Шрифт:
Интервал:
Закладка:
Федор Васильич замолчал, глядел размытыми от самогона глазами куда-то поверх головы Ивана. Долго молчал, пока Иван не растормошил его вопросом:
– И что же дальше было, Федор Васильич? Выходит, вы передумали с Маней судьбу связывать?
– Да не, я-то не передумал… Это Клавдия все по-своему решила да постановила, она у меня баба такая, и лишнего не возьмет, и своего от себя не отдаст. Видать, кто-то написал ей, что я в лазарете с санитарочкой женихаюсь, она и примчалась тут же, давай свои порядки наводить. Маню так отделала, что жалко было глядеть. Все волосенки ей на голове выдрала. И я ничего сделать не мог, я ж лежачий был, слабый. Потом Клавдия к начальнику лазарета сходила, потребовала Маню убрать как морально неустойчивую. Тогда ведь на эти вещи по-другому смотрели, да… Маня тут же исчезла куда-то, в один момент. А Клавдия со мной осталась. И на ноги сама подняла, домой увезла. Да и все кругом хвалили ее – мол, правильно сделала, что мужа от себя не отпустила. Я и сам вроде как опомнился уже… Даже нравилось, что Клавдия за меня так шибко воюет. Возгордился… Так и живем с ней до сих пор, и ничего, нормально живем. Детей родили, внуки уже подросли. Но ты не поверишь, Иван Палыч, иногда меня как прижмет, как выкрутит всего болью сердечной… Как вспомню мою Манечку, цветочек лазоревый… Ведь это и была любовь самая настоящая! Такая, какую Господь только один раз в жизни посылает! Одно время я даже разыскать эту Маню хотел, съездить к ней, повидать…
– И чего же не разыскали?
– Да вовремя одумался как-то… Ну, разыщу, ну, увижу. Да ведь только не та эта Маня будет, которую я помню. Другая. Лет-то уж сколько прошло. Годы из любого лазоревого цветка сухую былку сделают, не пожалеют. А моя Клавдия до сих пор крепким огурчиком выглядит, потому как на моих глазах годы пережила. Когда каждый день бок о бок с бабой живешь и не замечаешь вроде, что с ней время-то делает. А Маня… О Мане только одна память осталась. А с памятью-то куда? Она тебе под бок не ляжет, не согреет да борща не нальет. Вот и получается, что жизнь – это одно, а любовь, стало быть, другое. Хотя ты не слушай особо меня, не слушай! Может, я и не прав… Ты по-своему делай, Иван Палыч, по-своему… Может, если бы мне года мои вернуть, и я бы по-другому свою жизнь прожил…
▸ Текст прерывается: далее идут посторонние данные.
(* Let $G$ be a connected bipartite plane graph with color classes black and white, and let $s_0,s_1$ be two vertices on its outer face. Then the generalized strong labelings of $G$ with special vertices $s_0,s_1$ are in bijection with the orientations of $S_G$ whose outdegrees are: $0$ at $s_0$ and $s_1$, $1$ at every edge-vertex, and $2$ at every other vertex (all other original vertices and all face-vertices).
   Context: An angle is an incidence of a vertex with a face. For an edge $e$ with white end $w$ and black end $b$, traverse $e$ from $w$ to $b$ and let $r_w,r_b$ be the labels of the angles at $w,b$ in the face to the right and $l_w,l_b$ those in the face to the left. A generalized strong labeling of $G$ is a map from angles to $\{0,1\}$ such that: (G0) all angles at $s_i$ are labeled $i$; (G1) for each vertex $v\notin\{s_0,s_1\}$ the labels around $v$ form one non-empty cyclic interval of $1$s and one non-empty cyclic interval of $0$s; (G2$^+$) for each edge the labels form one of six patterns: $r_w=r_b=c$ and $(l_w,l_b)\in\{(1-c,c),(c,1-c)\}$ for some $c\in\{0,1\}$ (four patterns), or $r_w=l_b=p$ and $r_b=l_w=1-p$ for some $p\in\{0,1\}$ (two patterns); (G3$^+$) each face (including the outer face) has, along its boundary walk, exactly one pair of consecutive angles (the angles at the two ends of an edge on the side of that face) both labeled $0$ and exactly one such pair both labeled $1$; moreover, the edge on the outer face boundary which contains $s_0$ and has the outer face to its right when traversed from its white end to its black end has both its outer-face labels equal to $0$. The graph $S_G$ has as vertices the vertices, the edges (edge-vertices) and the faces (face-vertices, including the outer face) of $G$; each edge-vertex $e=wb$ is adjacent to its two endpoints $w,b$ and to the face-vertex of the face to the right of $e$ when traversed from $w$ to $b$; there are no other edges. *)

(* A connected bipartite plane graph is encoded as a
   genus-0 combinatorial map (rotation system). *)
From mathcomp Require Import all_boot.
Set Implicit Arguments.
Unset Strict Implicit.
Unset Printing Implicit Defensive.

Section PlaneMap.
Variables (V F D : finType).
(* e : dart involution (the two darts/orientations of an edge);
   n : counterclockwise successor of a dart around its tail vertex;
   tail : tail vertex of a dart; face : face to the RIGHT of a dart;
   white : colour of a vertex (true = white, false = black). *)
Variables (e n : D -> D) (tail : D -> V) (face : D -> F) (white : V -> bool).

(* next dart along the boundary walk of the face on the right of d *)
Definition phi (d : D) : D := n (e d).

Definition vadj : rel V :=
  fun u v => [exists d, (tail d == u) && (tail (e d) == v)].

Definition plane_bipartite_map : Prop :=
  (forall d, e (e d) = d) /\ (forall d, e d != d) /\ injective n /\
  (forall d, tail (n d) = tail d) /\
  (forall d d', tail d = tail d' -> fconnect n d d') /\
  (forall d, face (phi d) = face d) /\
  (forall d d', face d = face d' -> fconnect phi d d') /\
  (forall f, exists d, face d = f) /\
  (forall u v, connect vadj u v) /\
  (* planar: Euler's formula  #V - #E + #F = 2  with #E = #D/2 *)
  ((#|V| + #|F|).*2 = #|D| + 4) /\
  (forall d, white (tail (e d)) != white (tail d)).

(* Angles are identified with darts: the angle of dart d is the corner at
   tail d lying in the face to the right of d (between n^-1 d and d).
   A labeling is lab : {ffun D -> bool}, false = 0, true = 1. *)
Section Labeling.
Variables (outer : F) (s0 s1 : V) (lab : {ffun D -> bool}).

Definition G0 : Prop :=
  forall d, (tail d = s0 -> lab d = false) /\ (tail d = s1 -> lab d = true).

Definition G1 : Prop :=
  forall v, v != s0 -> v != s1 ->
    exists d, tail d = v /\
      exists i, 0 < i < order n d /\
        forall j, j < order n d -> lab (iter j n d) = (j < i).

(* for the edge with white end w = tail d and black end b = tail (e d):
   r_w = lab d, r_b = lab (phi d), l_w = lab (n d), l_b = lab (e d) *)
Definition G2_pattern (rw rb lw lb : bool) : Prop :=
  (exists c : bool, rw = c /\ rb = c /\
     ((lw = ~~ c /\ lb = c) \/ (lw = c /\ lb = ~~ c))) \/
  (exists p : bool, rw = p /\ lb = p /\ rb = ~~ p /\ lw = ~~ p).

Definition G2 : Prop :=
  forall d, white (tail d) ->
    G2_pattern (lab d) (lab (phi d)) (lab (n d)) (lab (e d)).

(* the consecutive pairs of angles along the boundary walk of face f are
   (lab d, lab (phi d)) for the darts d with face d = f *)
Definition G3 : Prop :=
  (forall f : F,
     #|[set d | (face d == f) && ~~ lab d && ~~ lab (phi d)]| = 1 /\
     #|[set d | (face d == f) && lab d && lab (phi d)]| = 1) /\
  (exists d, face d = outer /\ white (tail d) /\
     (tail d = s0 \/ tail (e d) = s0) /\
     lab d = false /\ lab (phi d) = false).

Definition gen_strong_labeling : Prop := G0 /\ G1 /\ G2 /\ G3.
End Labeling.

(* The graph S_G: vertices, edges (represented by their dart from the white
   end to the black end) and faces of G. *)
Definition Edart := {d : D | white (tail d)}.
Definition SV := (V + (Edart + F))%type.

Definition sadj (x y : SV) : bool :=
  match x, y with
  | inl v, inr (inl a) | inr (inl a), inl v =>
      (tail (val a) == v) || (tail (e (val a)) == v)
  | inr (inl a), inr (inr f) | inr (inr f), inr (inl a) => face (val a) == f
  | _, _ => false
  end.

Definition orientation (O : {set SV * SV}) : Prop :=
  (forall x y, (x, y) \in O -> sadj x y) /\
  (forall x y, sadj x y -> ((x, y) \in O) != ((y, x) \in O)).

Definition outdeg (O : {set SV * SV}) (x : SV) : nat := #|[set y | (x, y) \in O]|.

Definition good_orientation (s0 s1 : V) (O : {set SV * SV}) : Prop :=
  orientation O /\
  forall x, outdeg O x =
    match x with
    | inl v => if (v == s0) || (v == s1) then 0 else 2
    | inr (inl _) => 1
    | inr (inr _) => 2
    end.
End PlaneMap.

From Pilot Require Import Defs.
From mathcomp Require Import all_boot all_algebra zify.
From Stdlib Require Import ClassicalEpsilon ProofIrrelevance.
Set Implicit Arguments.
Unset Strict Implicit.
Unset Printing Implicit Defensive.

(* Angles are darts, so a labeling is a 0/1 function on darts.  It induces an
   orientation of S_G: a vertex points to an incident edge iff the labels of
   its two angles flanking that edge differ, and a face points to an edge iff
   the two angles of that edge inside the face agree.  Counting label changes
   turns (G1), (G2+) and (G3+) into exactly the prescribed outdegrees.
   Conversely, an orientation prescribes which consecutive angles (around a
   vertex, or along a face) have equal labels; finding the labels is a cocycle
   problem over F_2 on the dart graph.  Its 2-cells are the vertices, edges and
   faces of G, the outdegrees make the prescription sum to zero around each of
   them, and Euler's formula shows that these cells span the whole cycle space.
   So the labels exist and are unique up to a global flip, which (G0) fixes.
   The two edges of the outer face whose angles inside it are equal are
   incident to s0 and s1 and carry opposite labels, which gives the rest of
   (G0) and (G3+). *)

Lemma inj_surj_bijective (A B : Type) (f : A -> B) :
  injective f -> (forall b, exists a, f a = b) -> bijective f.
Proof.
move=> f_inj f_surj.
pose g b := proj1_sig (constructive_indefinite_description _ (f_surj b)).
have gK : cancel g f.
  by move=> b; rewrite /g; case: constructive_indefinite_description.
by exists g => // a; apply: f_inj; rewrite gK.
Qed.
– Все-таки жалеете, что Маню не нашли, да?
– Иногда жалею. Это как найдет, какой день выдастся. А бывает, снится она мне часто… Как увижу во сне, так и хожу потом долго в тоске, думаю про себя с жалостью – почему ж тогда от Клавдии-то не сбег… А на другой день проснусь и думаю – и хорошо, что не сбег. Все ж таки Клавдия своя, родная… А Маня – это просто мечта. Да если бы все наши мечты исполнялись, и жизнь бы складывалась по-другому! А мы живем, как живем, и Бога за это благодарим. Да что такое есть эти наши мечты? Как говорит мой умный внук – всего лишь игра гормонов. Мол, гормоны управляют человеком, а не он сам собой управляет. Не знаю, что это за гормоны такие, но вообще не хотелось бы, чтобы какая-то хрень тобой управляла, которую ты глазами не видишь. Ведь так, согласись, Иван Палыч? О, да я смотрю, ты сомлел уже… Давай-ка я тебе на диванчике постелю… Крепкая, видать, нынче у Клавдии самогонка получилась, с ног человека враз валит, и поговорить не дала…
Иван не помнил, как провалился в сон. Снилась ему Аня, но лицо ее почему-то было другим… Очень молодым было, свежим, румяным. Потом он вдруг догадался – да это и есть Аня, только совсем юная! И халатик на ней белый, и шапочка белая… И косы под шапочкой богатые, русые. Такая и есть, на Маню похожа, про которую только что Федор Васильич рассказывал. Еще и называл как-то нежно, вспомнить бы! Лазоревый цветок, вот как! Аня, Анечка, лазоревый цветок… Подойди ко мне ближе, Анечка…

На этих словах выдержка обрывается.